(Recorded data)
(* Let $\mathcal{F}$ be a $3$-uniform linear family and $\mathcal{M}$ a maximum matching of $\mathcal{F}$. Then for all distinct $A,B\in\mathcal{M}$, $|D_2(A,B)|\leq 8$.
   Context: A family is a finite collection of distinct subsets of a vertex set; $3$-uniform means every member has exactly $3$ elements and linear means any two distinct members share at most one vertex. A matching is a collection of pairwise disjoint members; a maximum matching is one of largest possible size. $X_{\mathcal{M}}=\bigcup_{A\in\mathcal{M}}A$, $D_2(\mathcal{F})=\{E\in\mathcal{F}:|E\cap X_{\mathcal{M}}|=2\}$, and for $A,B\in\mathcal{M}$, $D_2(A,B)=\{C\in D_2(\mathcal{F}): C\cap A\neq\emptyset,\ C\cap B\neq\emptyset\}$. *)

From mathcomp Require Import all_boot.
Set Implicit Arguments. Unset Strict Implicit. Unset Printing Implicit Defensive.

Definition uniform3 (T : finType) (F : {set {set T}}) : Prop :=
  forall E, E \in F -> #|E| = 3.

Definition linear_family (T : finType) (F : {set {set T}}) : Prop :=
  forall E E', E \in F -> E' \in F -> E != E' -> #|E :&: E'| <= 1.

Definition matching (T : finType) (F M : {set {set T}}) : Prop :=
  M \subset F /\
  forall A B, A \in M -> B \in M -> A != B -> [disjoint A & B].

Definition maximum_matching (T : finType) (F M : {set {set T}}) : Prop :=
  matching F M /\ forall M', matching F M' -> #|M'| <= #|M|.

Definition XM (T : finType) (M : {set {set T}}) : {set T} := cover M.

Definition D2 (T : finType) (F M : {set {set T}}) : {set {set T}} :=
  [set E in F | #|E :&: XM M| == 2].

• _EXERCISE INSTRUCTIONS_
Please set down, with no changes, the line that contains "Definition linear_family (T" and all the lines after it until the entries end; write nothing besides them.

• _OUTPUT OF THE EXERCISE_
Definition linear_family (T : finType) (F : {set {set T}}) : Prop :=
  forall E E', E \in F -> E' \in F -> E != E' -> #|E :&: E'| <= 1.

Definition matching (T : finType) (F M : {set {set T}}) : Prop :=
  M \subset F /\
  forall A B, A \in M -> B \in M -> A != B -> [disjoint A & B].

Definition maximum_matching (T : finType) (F M : {set {set T}}) : Prop :=
  matching F M /\ forall M', matching F M' -> #|M'| <= #|M|.

Definition XM (T : finType) (M : {set {set T}}) : {set T} := cover M.

Definition D2 (T : finType) (F M : {set {set T}}) : {set {set T}} :=
  [set E in F | #|E :&: XM M| == 2].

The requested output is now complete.